Perlu saya sampaikan kepada Anda bahwa saya tinggal di daerah kafir, yaitu Italia. Allah telah menakdirkan pada saya untuk tinggal di negara tersebut dalam waktu yang cukup lama, dan seperti inilah kondisi kaum Muslimin secara umum. Di Italia, saya mendapati sebuah masjid yang digunakan untuk melakukan salat Jumat, akan tetapi tidak digunakan untuk salat fardhu lima waktu.
Hal itu karena masjid tersebut tidak mendapatkan pengakuan dari negara. Ini mengingat di Italia terdapat Vatikan yang merupakan pemimpin orang-orang Nasrani (Kristen) di seluruh dunia. Intinya, ketika saya masuk ke dalam masjid tersebut untuk melakukan salat Jumat, saya mendapati imamnya ketika bangkit dari rukuk mengucapkan "Rabbanaa wa lakal-hamd (Ya Allah, bagi-Mu segala pujian)".
Hal itu terasa aneh bagi saya, karena dia mengucapkannya dengan keras sebagai ganti dari "Sami'allahu liman hamidah (Allah mendengar orang yang memuji-Nya)". Saya lalu berkata kepadanya, "Saya sering menjadi makmum para ulama kaum Muslimin. Ketika bangkit dari rukuk mereka mengucapkan, "Sami`allahu liman hamidah".
Jadi, dari mana sumber Anda terkait bacaan yang Anda ucapkan ketika bangkit dari rukuk tadi?" Kemudian, dia menjawab, "Yang saya lakukan adalah sunnah." Dia pun menyebutkan hadits
من أحيا سنة فله أجرها وأجر من عمل بها إلى يوم القيامة
"Barangsiapa menghidupkan sebuah sunah maka dia akan mendapatkan pahalanya dan pahala orang yang mengamalkannya hingga Hari Kiamat."
Saya lalu katakan kepadanya, "Itu bukanlah sunnah, karena jika ia sunnah, tentu saya telah mendengarnya dari kalangan Ahlussunnah. Apalagi berkat rahmat Allah, saya telah menunaikan haji." Saya pergi menunaikan haji dari Italia dan saya kembali ke sana pada tahun 1980. Saya telah membaca sejumlah buku, tetapi saya tidak menemukan apa yang dikatakan oleh imam tersebut.

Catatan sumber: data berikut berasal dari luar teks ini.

(* Let $G$ be a group definable in a first-order structure equipped with a dimension satisfying axioms A1–A4. Let $N$ be a definable normal subgroup of $G$, $H$ a definable subgroup of $G$ containing $N$, and $Y$ a definable subset of $H$ which is large in $H$. Suppose that $G/N$ and $G/N_G(H\setminus Y^H)$ have definable transversals. Then: (a) if $H/N$ is weakly generous in $G/N$, then $Y$ is weakly generous in $G$; (b) if $H/N$ is largely generous in $G/N$, then $Y$ is largely generous in $G$.
   Context: The dimension satisfies, for nonempty definable $A,B$: (A1) for definable $f:A\to B$, $\{b:\dim f^{-1}(b)=m\}$ is definable; (A2) if all fibers of definable $f:A\to B$ have dimension $m$ then $\dim A=\dim f(A)+m$; (A3) $A$ finite iff $\dim A=0$; (A4) $\dim(A\cup B)=\max(\dim A,\dim B)$. The quotient $G/N$ is regarded as a definable group via a definable transversal (a set meeting each coset once), and dimensions in it are computed accordingly. For definable $X\subseteq Y$, $X$ is large in $Y$ if $\dim(Y\setminus X)<\dim Y$. For $X\subseteq G$ and a subgroup $K$, $X^K=\{x^k:x\in X,k\in K\}$; $N_G(Z)$ is the setwise stabilizer of $Z$ under conjugation. A definable $X\subseteq G$ is weakly generous in $G$ if $\dim(X^G)=\dim G$, and largely generous if $X^G$ is large in $G$. *)

From Stdlib Require List.
From mathcomp Require Import all_boot.
Set Implicit Arguments.
Unset Strict Implicit.
Unset Printing Implicit Defensive.

(* Tuples M^n are functions 'I_n -> M; subsets are predicates.         *)
Definition tset (M : Type) (n : nat) := ('I_n -> M) -> Prop.

Definition join {M : Type} {m n : nat} (x : 'I_m -> M) (y : 'I_n -> M)
  : 'I_(m + n) -> M :=
  fun i => match split i with inl j => x j | inr k => y k end.
Definition fstp {M : Type} {m n : nat} (z : 'I_(m + n) -> M) : 'I_m -> M :=
  fun j => z (lshift n j).
Definition sndp {M : Type} {m n : nat} (z : 'I_(m + n) -> M) : 'I_n -> M :=
  fun k => z (rshift m k).

Definition fgraph {M : Type} {m n : nat} (A : tset M m)
  (f : ('I_m -> M) -> ('I_n -> M)) : tset M (m + n) :=
  fun z => A (fstp z) /\ f (fstp z) = sndp z.
Definition fiber {M : Type} {m n : nat} (A : tset M m)
  (f : ('I_m -> M) -> ('I_n -> M)) (b : 'I_n -> M) : tset M m :=
  fun a => A a /\ f a = b.
Definition fimage {M : Type} {m n : nat} (A : tset M m)
  (f : ('I_m -> M) -> ('I_n -> M)) : tset M n :=
  fun b => exists a, A a /\ f a = b.
Definition nonempty {T : Type} (A : T -> Prop) := exists x, A x.
Definition finite_set {T : Type} (A : T -> Prop) :=
  exists s : list T, forall x, A x -> List.In x s.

Dia berkata kepadaku, "Saya membacanya di dalam Mukhtashar Shahih Muslim,hadits No. 296, hlm. 84. Maka kami bersama-sama membaca hadits yang dia maksud. Lalu, saya katakan kepadanya, "Yang saya fahami dari hadits tersebut, ia adalah salah satu dari hadits-hadits doa di dalam salat. Misalnya, hadits-hadits sebelumnya menunjukkan hal itu juga." Namun, dia menjawab, "Tidak seperti itu." Dia bersikeras dengan pendapatnya.
Setelah itu saya pun tahu bahwa dia mengikuti pendapat seseorang di Mesir yang meyakini bahwa orang itu adalah al-Mahdi al-Muntazhar dan dialah yang melakukan salat dengan cara seperti itu. Saya pun benar-benar mendapati banyak pemuda Muslim mengikuti pendapat ini. Saya katakan padanya, "Yang dapat memutuskan perbedaan pendapat kita adalah seorang ulama Muslim." Kami sepakat untuk mengirimkan pertanyaan kepada Anda.

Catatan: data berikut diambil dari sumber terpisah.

(* Let $(\mathcal C,\otimes,I)$ be a closed monoidal category, $M$ a strong monad on $\mathcal C$ with strength $\tau$, and $A$ an object. Then the tuple $\langle MA\Rightarrow MA,\ \Lambda(p),\ \mathsf{comp},\ \mathsf{ident}\rangle$, where $p = \mu_A\circ M\mathsf{app}\circ\tau : M(MA\Rightarrow MA)\otimes MA\to M((MA\Rightarrow MA)\otimes MA)\to MMA\to MA$, is an Eilenberg--Moore $M$-monoid.
   Context: Closed means each functor $(-)\otimes B$ has a right adjoint $B\Rightarrow(-)$; $\Lambda: \mathcal C(X\otimes B,C)\cong\mathcal C(X,B\Rightarrow C)$ denotes currying and $\mathsf{app}:(B\Rightarrow C)\otimes B\to C$ the counit. Structural isomorphisms are written $\cong$. $\mathsf{comp}=\Lambda(k):(B\Rightarrow C)\otimes(X\Rightarrow B)\to(X\Rightarrow C)$ where $k = \mathsf{app}\circ(\mathrm{id}\otimes\mathsf{app})\circ\cong : ((B\Rightarrow C)\otimes(X\Rightarrow B))\otimes X\to C$, and $\mathsf{ident}=\Lambda(I\otimes X\xrightarrow{\cong}X): I\to(X\Rightarrow X)$ (here with $X=B=C=MA$). A strong monad has strength $\tau_{X,Y}: MX\otimes Y\to M(X\otimes Y)$ satisfying the usual coherence laws. An Eilenberg--Moore $M$-monoid is $\langle E,a: ME\to E,m: E\otimes E\to E,u: I\to E\rangle$ with $\langle E,a\rangle$ an Eilenberg--Moore $M$-algebra ($a\circ Ma=a\circ\mu$, $a\circ\eta=\mathrm{id}$), $\langle E,m,u\rangle$ a monoid, and $m\circ(a\otimes\mathrm{id}_E)=a\circ Mm\circ\tau_{E,E}$. *)

Set Implicit Arguments.
Unset Strict Implicit.
Set Universe Polymorphism.

Record Category := {
  ob :> Type;
  hom : ob -> ob -> Type;
  idm : forall A, hom A A;
  cmp : forall A B C, hom B C -> hom A B -> hom A C;
  cmp_id_l : forall A B (f : hom A B), cmp (idm B) f = f;
  cmp_id_r : forall A B (f : hom A B), cmp f (idm A) = f;
  cmp_assoc : forall A B C D (h : hom C D) (g : hom B C) (f : hom A B),
      cmp h (cmp g f) = cmp (cmp h g) f
}.
Arguments hom {c} _ _.
Arguments idm {c} A.
Arguments cmp {c A B C} _ _.

Declare Scope cat_scope.
Local Open Scope cat_scope.
Notation "g \o' f" := (cmp g f) (at level 40, left associativity) : cat_scope.

Record Monoidal (C : Category) := {
  tens : C -> C -> C;
  tensm : forall A A' B B', hom A A' -> hom B B' -> hom (tens A B) (tens A' B');
  tensm_id : forall A B, tensm (idm A) (idm B) = idm (tens A B);
  tensm_comp : forall A A' A'' B B' B'' (f' : hom A' A'') (f : hom A A')
      (g' : hom B' B'') (g : hom B B'),
      tensm (f' \o' f) (g' \o' g) = tensm f' g' \o' tensm f g;
  unitI : C;
  alpha : forall A B D, hom (tens (tens A B) D) (tens A (tens B D));
  alpha_inv : forall A B D, hom (tens A (tens B D)) (tens (tens A B) D);
  alpha_iso1 : forall A B D, alpha_inv A B D \o' alpha A B D = idm _;
  alpha_iso2 : forall A B D, alpha A B D \o' alpha_inv A B D = idm _;
  alpha_nat : forall A A' B B' D D' (f : hom A A') (g : hom B B') (h : hom D D'),
      alpha A' B' D' \o' tensm (tensm f g) h = tensm f (tensm g h) \o' alpha A B D;
  lam : forall A, hom (tens unitI A) A;
  lam_inv : forall A, hom A (tens unitI A);
  lam_iso1 : forall A, lam_inv A \o' lam A = idm _;
  lam_iso2 : forall A, lam A \o' lam_inv A = idm _;
  lam_nat : forall A A' (f : hom A A'), lam A' \o' tensm (idm unitI) f = f \o' lam A;
  rho : forall A, hom (tens A unitI) A;
  rho_inv : forall A, hom A (tens A unitI);
  rho_iso1 : forall A, rho_inv A \o' rho A = idm _;
  rho_iso2 : forall A, rho A \o' rho_inv A = idm _;
  rho_nat : forall A A' (f : hom A A'), rho A' \o' tensm f (idm unitI) = f \o' rho A;
  pentagon : forall A B D E,
      alpha A B (tens D E) \o' alpha (tens A B) D E
      = tensm (idm A) (alpha B D E) \o' alpha A (tens B D) E
        \o' tensm (alpha A B D) (idm E);
  triangle : forall A B,
      tensm (idm A) (lam B) \o' alpha A unitI B = tensm (rho A) (idm B)
}.
Arguments tens {C} m _ _.
Arguments tensm {C} m {A A' B B'} _ _.
Arguments unitI {C} m.
Arguments alpha {C} m A B D.
Arguments lam {C} m A.
Arguments rho {C} m A.

(* Closed: each functor (-) (x) B has a right adjoint B => (-), presented by
   the counit ev (= app) and the currying bijection curry (= Lambda). *)
Record Closed (C : Category) (T : Monoidal C) := {
  ihom : C -> C -> C;
  ev : forall B D, hom (tens T (ihom B D) B) D;
  curry : forall X B D, hom (tens T X B) D -> hom X (ihom B D);
  curry_beta : forall X B D (f : hom (tens T X B) D),
      ev B D \o' tensm T (curry f) (idm B) = f;
  curry_eta : forall X B D (g : hom X (ihom B D)),
      curry (ev B D \o' tensm T g (idm B)) = g
}.
Arguments ihom {C T} c _ _.
Arguments ev {C T} c B D.
Arguments curry {C T} c {X B D} _.

Record StrongMonad (C : Category) (T : Monoidal C) := {
  Mo : C -> C;
  Mf : forall A B, hom A B -> hom (Mo A) (Mo B);
  Mf_id : forall A, Mf (idm A) = idm (Mo A);
  Mf_comp : forall A B D (g : hom B D) (f : hom A B), Mf (g \o' f) = Mf g \o' Mf f;
  eta : forall A, hom A (Mo A);
  mu : forall A, hom (Mo (Mo A)) (Mo A);
  eta_nat : forall A B (f : hom A B), eta B \o' f = Mf f \o' eta A;
  mu_nat : forall A B (f : hom A B), mu B \o' Mf (Mf f) = Mf f \o' mu A;
  mu_assoc : forall A, mu A \o' Mf (mu A) = mu A \o' mu (Mo A);
  mu_eta_l : forall A, mu A \o' eta (Mo A) = idm (Mo A);
  mu_eta_r : forall A, mu A \o' Mf (eta A) = idm (Mo A);
  tau : forall X Y, hom (tens T (Mo X) Y) (Mo (tens T X Y));
  tau_nat : forall X X' Y Y' (f : hom X X') (g : hom Y Y'),
      tau X' Y' \o' tensm T (Mf f) g = Mf (tensm T f g) \o' tau X Y;
  tau_unit : forall X, Mf (rho T X) \o' tau X (unitI T) = rho T (Mo X);
  tau_assoc : forall X Y Z,
      tau X (tens T Y Z) \o' alpha T (Mo X) Y Z
      = Mf (alpha T X Y Z) \o' tau (tens T X Y) Z \o' tensm T (tau X Y) (idm Z);
  tau_eta : forall X Y, tau X Y \o' tensm T (eta X) (idm Y) = eta (tens T X Y);
  tau_mu : forall X Y,
      tau X Y \o' tensm T (mu X) (idm Y) = mu (tens T X Y) \o' Mf (tau X Y) \o' tau (Mo X) Y
}.
Arguments Mo {C T} s _.
Arguments Mf {C T} s {A B} _.
Arguments eta {C T} s A.
Arguments mu {C T} s A.
Arguments tau {C T} s X Y.

Definition is_EM_monoid (C : Category) (T : Monoidal C) (M : StrongMonad T)
    (E : C) (a : hom (Mo M E) E) (m : hom (tens T E E) E) (u : hom (unitI T) E) : Prop :=
  (a \o' Mf M a = a \o' mu M E /\ a \o' eta M E = idm E) /\
  (m \o' tensm T m (idm E) = m \o' tensm T (idm E) m \o' alpha T E E E /\
   m \o' tensm T u (idm E) = lam T E /\
   m \o' tensm T (idm E) u = rho T E) /\
  m \o' tensm T a (idm E) = a \o' Mf M m \o' tau M E E.

Definition comp_map (C : Category) (T : Monoidal C) (Cl : Closed T) (X B D : C)
  : hom (tens T (ihom Cl B D) (ihom Cl X B)) (ihom Cl X D) :=
  curry Cl (ev Cl B D \o' tensm T (idm (ihom Cl B D)) (ev Cl X B)
            \o' alpha T (ihom Cl B D) (ihom Cl X B) X).

Definition ident_map (C : Category) (T : Monoidal C) (Cl : Closed T) (X : C)
  : hom (unitI T) (ihom Cl X X) := curry Cl (lam T X).

Definition p_map (C : Category) (T : Monoidal C) (Cl : Closed T) (M : StrongMonad T) (A : C)
  : hom (tens T (Mo M (ihom Cl (Mo M A) (Mo M A))) (Mo M A)) (Mo M A) :=
  mu M A \o' Mf M (ev Cl (Mo M A) (Mo M A)) \o' tau M (ihom Cl (Mo M A) (Mo M A)) (Mo M A).
Arguments is_EM_monoid {C T} M E a m u.
Arguments comp_map {C T} Cl X B D.
Arguments ident_map {C T} Cl X.
Arguments p_map {C T} Cl M A.

(* Internal composition and identities make the internal homs a category enriched
   over C, so [[MA, MA]] is a monoid. Any [[B, MA]] carries the pointwise algebra
   structure [Lambda(mu o M app o tau)]; since maps into an internal hom are
   determined by their composite with [app], each law reduces to one of the monad
   and strength laws, compatibility with composition being the associativity of
   the strength. *)
From Corelib Require Import ssreflect.
Local Open Scope cat_scope.

Lemma cmp_prefix_eq {C : Category} {A B D E : C} {x : hom B D} {y : hom A B}
    {z : hom A D} (xyE : x \o' y = z) (w : hom E A) :
  x \o' (y \o' w) = z \o' w.
Proof. by rewrite cmp_assoc xyE. Qed.

Lemma split_epi_cancel {C : Category} {A B D : C} (f h : hom B D) (g : hom A B)
    (g' : hom B A) :
  g \o' g' = idm B -> f \o' g = h \o' g -> f = h.
Proof.
by move=> gg' fgE; rewrite -(cmp_id_r f) -(cmp_id_r h) -gg' !cmp_assoc fgE.
Qed.

(* Morphisms are kept right-associated; [crewrite L] rewrites with [L : x \o' y = z]
   also where [x \o' y] is a prefix of such a chain. *)
Ltac reassoc := repeat rewrite -cmp_assoc.
Ltac crewrite L :=
  first [rewrite (cmp_prefix_eq L) | rewrite L]; reassoc.
Ltac crewrite_rev L :=
  first [rewrite (cmp_prefix_eq (eq_sym L)) | rewrite -L]; reassoc.

Section MonoidalFacts.
Context {C : Category} (T : Monoidal C).

Lemma tensm_compl {A A' A'' B : C} (f' : hom A' A'') (f : hom A A') :
  tensm T (f' \o' f) (idm B) = tensm T f' (idm B) \o' tensm T f (idm B).
Proof. by rewrite -tensm_comp cmp_id_l. Qed.

Lemma tensm_compr {A B B' B'' : C} (g' : hom B' B'') (g : hom B B') :
  tensm T (idm A) (g' \o' g) = tensm T (idm A) g' \o' tensm T (idm A) g.
Proof. by rewrite -tensm_comp cmp_id_l. Qed.

Lemma tensm_interchange {A A' B B' : C} (f : hom A A') (g : hom B B') :
  tensm T f (idm B') \o' tensm T (idm A) g = tensm T (idm A') g \o' tensm T f (idm B).
Proof. by rewrite -!tensm_comp !cmp_id_l !cmp_id_r. Qed.

Lemma tensm_unitI_inj {A B : C} (f g : hom A B) :
  tensm T (idm (unitI T)) f = tensm T (idm (unitI T)) g -> f = g.
Proof.
have conj_lam (h : hom A B) :
    h = lam T B \o' tensm T (idm (unitI T)) h \o' lam_inv T A.
  by rewrite lam_nat -cmp_assoc lam_iso2 cmp_id_r.
by move=> fgE; rewrite (conj_lam f) (conj_lam g) fgE.
Qed.

(* Kelly's lemma: the left-unitor instance of the triangle axiom is redundant. *)
Lemma lam_alpha (A B : C) :
  lam T (tens T A B) \o' alpha T (unitI T) A B = tensm T (lam T A) (idm B).
Proof.
apply: tensm_unitI_inj.
set I := unitI T.
set pent := alpha T I (tens T I A) B \o' tensm T (alpha T I I A) (idm B).
apply: (split_epi_cancel _ _ pent
  (tensm T (alpha_inv T I I A) (idm B) \o' alpha_inv T I (tens T I A) B)).
  by rewrite /pent -cmp_assoc (cmp_assoc (tensm T _ _)) -tensm_compl
             alpha_iso2 tensm_id cmp_id_l alpha_iso2.
(* Precomposed with [pent], both sides reduce to [alpha o ((rho (x) id) (x) id)]:
   the left one by the pentagon and a triangle, the right one by a triangle. *)
rewrite /pent tensm_compr; reassoc.
have pent_r := pentagon T I I A B; rewrite -cmp_assoc in pent_r.
rewrite -pent_r.
crewrite (triangle T I (tens T A B)).
rewrite -(tensm_id T A B).
crewrite_rev (alpha_nat T (rho T I) (idm A) (idm B)).
rewrite -(triangle T I A) tensm_compl; reassoc.
by crewrite (alpha_nat T (idm I) (lam T A) (idm B)).
Qed.

End MonoidalFacts.

Section ClosedFacts.
Context {C : Category} {T : Monoidal C} (Cl : Closed T).

Lemma ihom_ext {X B D : C} (g h : hom X (ihom Cl B D)) :
  ev Cl B D \o' tensm T g (idm B) = ev Cl B D \o' tensm T h (idm B) -> g = h.
Proof. by move=> ghE; rewrite -(curry_eta g) -(curry_eta h) ghE. Qed.

Lemma ev_comp_map (X B D : C) :
  ev Cl X D \o' tensm T (comp_map Cl X B D) (idm X)
  = ev Cl B D \o' (tensm T (idm (ihom Cl B D)) (ev Cl X B)
                   \o' alpha T (ihom Cl B D) (ihom Cl X B) X).
Proof. by rewrite /comp_map curry_beta cmp_assoc. Qed.

Lemma comp_mapA (W X Y Z : C) :
  comp_map Cl W X Z \o' tensm T (comp_map Cl X Y Z) (idm (ihom Cl W X))
  = comp_map Cl W Y Z \o' tensm T (idm (ihom Cl Y Z)) (comp_map Cl W X Y)
    \o' alpha T (ihom Cl Y Z) (ihom Cl X Y) (ihom Cl W X).
Proof.
apply: ihom_ext; rewrite !tensm_compl; reassoc.
crewrite (ev_comp_map W X Z).
crewrite (alpha_nat T (comp_map Cl X Y Z) (idm (ihom Cl W X)) (idm W)).
rewrite tensm_id.
crewrite_rev (tensm_interchange T (comp_map Cl X Y Z) (ev Cl W X)).
crewrite (ev_comp_map X Y Z).
crewrite (ev_comp_map W Y Z).
crewrite (alpha_nat T (idm (ihom Cl Y Z)) (comp_map Cl W X Y) (idm W)).
crewrite_rev (tensm_compr T (A := ihom Cl Y Z) (ev Cl W Y)
                (tensm T (comp_map Cl W X Y) (idm W))).
rewrite ev_comp_map !tensm_compr; reassoc.
have pent_r := pentagon T (ihom Cl Y Z) (ihom Cl X Y) (ihom Cl W X) W.
rewrite -cmp_assoc in pent_r; rewrite -pent_r.
rewrite -(tensm_id T (ihom Cl Y Z) (ihom Cl X Y)).
by crewrite (alpha_nat T (idm (ihom Cl Y Z)) (idm (ihom Cl X Y)) (ev Cl W X)).
Qed.

Lemma comp_map1l (X Y : C) :
  comp_map Cl X Y Y \o' tensm T (ident_map Cl Y) (idm (ihom Cl X Y))
  = lam T (ihom Cl X Y).
Proof.
apply: ihom_ext; rewrite !tensm_compl; reassoc.
crewrite (ev_comp_map X Y Y).
crewrite (alpha_nat T (ident_map Cl Y) (idm (ihom Cl X Y)) (idm X)).
rewrite tensm_id.
crewrite_rev (tensm_interchange T (ident_map Cl Y) (ev Cl X Y)).
crewrite (curry_beta Cl (lam T Y)).
crewrite (lam_nat T (ev Cl X Y)).
by rewrite lam_alpha.
Qed.

Lemma comp_map1r (X Y : C) :
  comp_map Cl X X Y \o' tensm T (idm (ihom Cl X Y)) (ident_map Cl X)
  = rho T (ihom Cl X Y).
Proof.
apply: ihom_ext; rewrite !tensm_compl; reassoc.
crewrite (ev_comp_map X X Y).
crewrite (alpha_nat T (idm (ihom Cl X Y)) (ident_map Cl X) (idm X)).
crewrite_rev (tensm_compr T (A := ihom Cl X Y) (ev Cl X X)
                (tensm T (ident_map Cl X) (idm X))).
by rewrite (curry_beta Cl (lam T X)) triangle.
Qed.

End ClosedFacts.

Section StrongMonadFacts.
Context {C : Category} {T : Monoidal C} (Cl : Closed T) (M : StrongMonad T).

Lemma tau_natr {X Y Y' : C} (g : hom Y Y') :
  tau M X Y' \o' tensm T (idm (Mo M X)) g = Mf M (tensm T (idm X) g) \o' tau M X Y.
Proof. by rewrite -tau_nat Mf_id. Qed.

Definition ihom_alg (B A : C) : hom (Mo M (ihom Cl B (Mo M A))) (ihom Cl B (Mo M A)) :=
  curry Cl (mu M A \o' Mf M (ev Cl B (Mo M A)) \o' tau M (ihom Cl B (Mo M A)) B).

Lemma ev_ihom_alg (B A : C) :
  ev Cl B (Mo M A) \o' tensm T (ihom_alg B A) (idm B)
  = mu M A \o' (Mf M (ev Cl B (Mo M A)) \o' tau M (ihom Cl B (Mo M A)) B).
Proof. by rewrite curry_beta cmp_assoc. Qed.

Lemma ihom_alg_mu (B A : C) :
  ihom_alg B A \o' Mf M (ihom_alg B A) = ihom_alg B A \o' mu M (ihom Cl B (Mo M A)).
Proof.
apply: (ihom_ext Cl); rewrite !tensm_compl; reassoc.
crewrite (ev_ihom_alg B A); crewrite (ev_ihom_alg B A).
crewrite (tau_nat M (ihom_alg B A) (idm B)).
crewrite_rev (Mf_comp M (ev Cl B (Mo M A)) (tensm T (ihom_alg B A) (idm B))).
rewrite ev_ihom_alg !Mf_comp; reassoc.
crewrite (tau_mu M).
crewrite_rev (mu_nat M (ev Cl B (Mo M A))).
by crewrite_rev (mu_assoc M A).
Qed.

Lemma ihom_alg_eta (B A : C) :
  ihom_alg B A \o' eta M (ihom Cl B (Mo M A)) = idm (ihom Cl B (Mo M A)).
Proof.
apply: (ihom_ext Cl); rewrite tensm_id cmp_id_r !tensm_compl; reassoc.
crewrite (ev_ihom_alg B A).
crewrite (tau_eta M).
crewrite_rev (eta_nat M (ev Cl B (Mo M A))).
by crewrite (mu_eta_l M A); rewrite cmp_id_l.
Qed.

Lemma comp_map_ihom_alg (B B' A : C) :
  comp_map Cl B B' (Mo M A) \o' tensm T (ihom_alg B' A) (idm (ihom Cl B B'))
  = ihom_alg B A \o' Mf M (comp_map Cl B B' (Mo M A))
    \o' tau M (ihom Cl B' (Mo M A)) (ihom Cl B B').
Proof.
apply: (ihom_ext Cl); rewrite !tensm_compl; reassoc.
crewrite (ev_comp_map Cl B B' (Mo M A)).
crewrite (alpha_nat T (ihom_alg B' A) (idm (ihom Cl B B')) (idm B)).
rewrite tensm_id.
crewrite_rev (tensm_interchange T (ihom_alg B' A) (ev Cl B B')).
crewrite (ev_ihom_alg B' A); crewrite (ev_ihom_alg B A).
crewrite (tau_natr (X := ihom Cl B' (Mo M A)) (ev Cl B B')).
crewrite (tau_assoc M).
crewrite (tau_nat M (comp_map Cl B B' (Mo M A)) (idm B)).
crewrite_rev (Mf_comp M (ev Cl B (Mo M A))
                (tensm T (comp_map Cl B B' (Mo M A)) (idm B))).
by rewrite ev_comp_map !Mf_comp; reassoc.
Qed.

End StrongMonadFacts.

Theorem theorem15 (C : Category) (T : Monoidal C) (Cl : Closed T)
    (M : StrongMonad T) (A : C) :
  is_EM_monoid M (ihom Cl (Mo M A) (Mo M A))
    (curry Cl (p_map Cl M A))
    (comp_map Cl (Mo M A) (Mo M A) (Mo M A))
    (ident_map Cl (Mo M A)).
Proof.
have -> : curry Cl (p_map Cl M A) = ihom_alg Cl M (Mo M A) A by [].
split; [split | split; [split; [| split] |]].
- exact: ihom_alg_mu.
- exact: ihom_alg_eta.
- exact: comp_mapA.
- exact: comp_map1l.
- exact: comp_map1r.
- exact: comp_map_ihom_alg.
Qed.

Oleh karena itu, saya mohon Anda sudi menjawabnya dengan segera, karena banyak Muslimin yang mulai ragu dari keabsahan salat menjadi makmum imam tersebut? Jika benar bahwa pendapatnya itu tidak berasal dari Rasulullah Shallallahu 'Alaihi wa Sallam, apakah boleh manjadi makmumnya? Sejauh mana kebenaran pendapat ini, dan apakah ini bid'ah ataukah sunnah, sebagaimana dikatakan oleh imam tersebut?

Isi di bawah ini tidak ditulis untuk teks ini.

Lemma rule_ok_comp_sound f gs l y aux :
  rule_ok (code (PComp f gs)) (code_list l) y aux lat latNZ -> eval (PComp f gs) l y.
Proof.
  unfold rule_ok. cbn [code]. rewrite !p1_pair, !p2_pair.
  intros [[? _]|[[? _]|[[? _]|[(_ & Hf & Hlen & Hgs)|[[? _]|[? _]]]]]]; try discriminate.
  destruct (code_list_surj aux) as [ws <-].
  apply length_eq_of_skip_code in Hlen. rewrite length_map in Hlen.
  rewrite p1_pair in Hf. econstructor; [|apply lat_sound, Hf].
  apply evalList_of_nth; auto. intros i Hi.
  pose proof (length_le_code_list (map code gs)). rewrite length_map in *.
  specialize (Hgs i ltac:(lia)). rewrite skip_code_neq0, length_map, !nth_code_list in Hgs
    by (rewrite ?length_map; lia).
  apply lat_sound. replace (code (nth i gs PZero)) with (nth i (map code gs) 0); [now apply Hgs|].
  rewrite (nth_indep _ 0 (code PZero)), map_nth by (rewrite length_map; lia). reflexivity.
Qed.

Lemma rule_ok_sound t l y aux :
  rule_ok (code t) (code_list l) y aux lat latNZ -> eval t l y.
Proof.
  destruct t as [| |i|f gs|f g|f]; [..|apply rule_ok_comp_sound| |];
    unfold rule_ok; cbn [code]; rewrite !p1_pair, ?p2_pair;
    intros [(? & H)|[(? & H)|[(? & H)|[(? & H)|[(? & H)|(? & H)]]]]]; try discriminate.
  - subst. constructor.
  - destruct l as [|x l]; [simpl in H; tauto|].
    destruct H as [_ ->]. rewrite hd_code_cons, Nat.add_1_r. constructor.
  - destruct H as [Hi ->]. rewrite skip_code_neq0 in Hi. rewrite nth_code_list by auto.
    now constructor.
  - destruct l as [|[|n] l]; [simpl in H; tauto| |];
      rewrite hd_code_cons, tl_code_cons in H; destruct H as (_ & [[Hn H]|(Hn & H1 & H2)]);
      try lia.
    + constructor. rewrite p1_pair in H. now apply lat_sound.
    + replace (S n - 1) with n in * by lia. rewrite !cons_code_list in H1, H2.
      apply eRecS with (r := aux); apply lat_sound; assumption.
  - destruct H as [Hzero Hlt]. rewrite cons_code_list in Hzero.
    constructor; [now apply lat_sound|].
    intros z Hz. apply latNZ_sound. apply Hlt, Hz.
Qed.

End RuleSound.

(* Induction on the distance to the end of the list: premises occur later. *)
Lemma valid_list_sound L : valid_list L ->
  forall j, j < length L -> forall t l, node_prog (nth j L 0) = code t ->
    node_input (nth j L 0) = code_list l -> eval t l (node_output (nth j L 0)).
Proof.
  intros HV j.
  induction j as [j IH] using
    (well_founded_induction (Wf_nat.well_founded_ltof _ (fun j => length L - j))).
  unfold Wf_nat.ltof in IH.
  intros Hj t l Ht Hl. apply (rule_ok_sound
    (fun J => some_node_from L (S j) (asserts J))
    (fun f v => some_node_from L (S j) (succeeds f v))) with (aux := node_aux (nth j L 0)).
  - intros t' l' y' (j' & ? & ? & H). apply asserts_triple in H as (? & ? & <-).
    apply IH; auto; lia.
  - intros t' l' (j' & ? & ? & ? & ? & Hy). destruct (node_output (nth j' L 0)) as [|w] eqn:E.
    + congruence.
    + exists w. rewrite <- E. apply IH; auto; lia.
  - rewrite <- Ht, <- Hl. apply HV, Hj.
Qed.

Lemma derives_sound d t l y : derives d (code t) (code_list l) y -> eval t l y.
Proof.
  intros [HV Hr]. destruct (code_list_surj d) as [L <-].
  apply valid_code_list in HV as [Hne HV].
  destruct L as [|n L]; [congruence|]. rewrite hd_code_cons in Hr.
  apply asserts_triple in Hr as (Hc & Hv & <-).
  apply (valid_list_sound _ HV 0); simpl; auto; lia.
Qed.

Oleh karena itu, kami mohon penjelasan tentang permasalah ini dengan detail, agar kami merasa tenang melakukan salat di belakang imam tersebut. Di samping itu, karena kebanyakan kaum Muslimin di sini seringkali meminta fatwa darinya tentang Islam, sedangkan di sini kami tidak memiliki rujukan hukum, hingga buku-buku yang ada hanya sedikit dan tidak bisa dirujuk oleh seorang pun dari kami.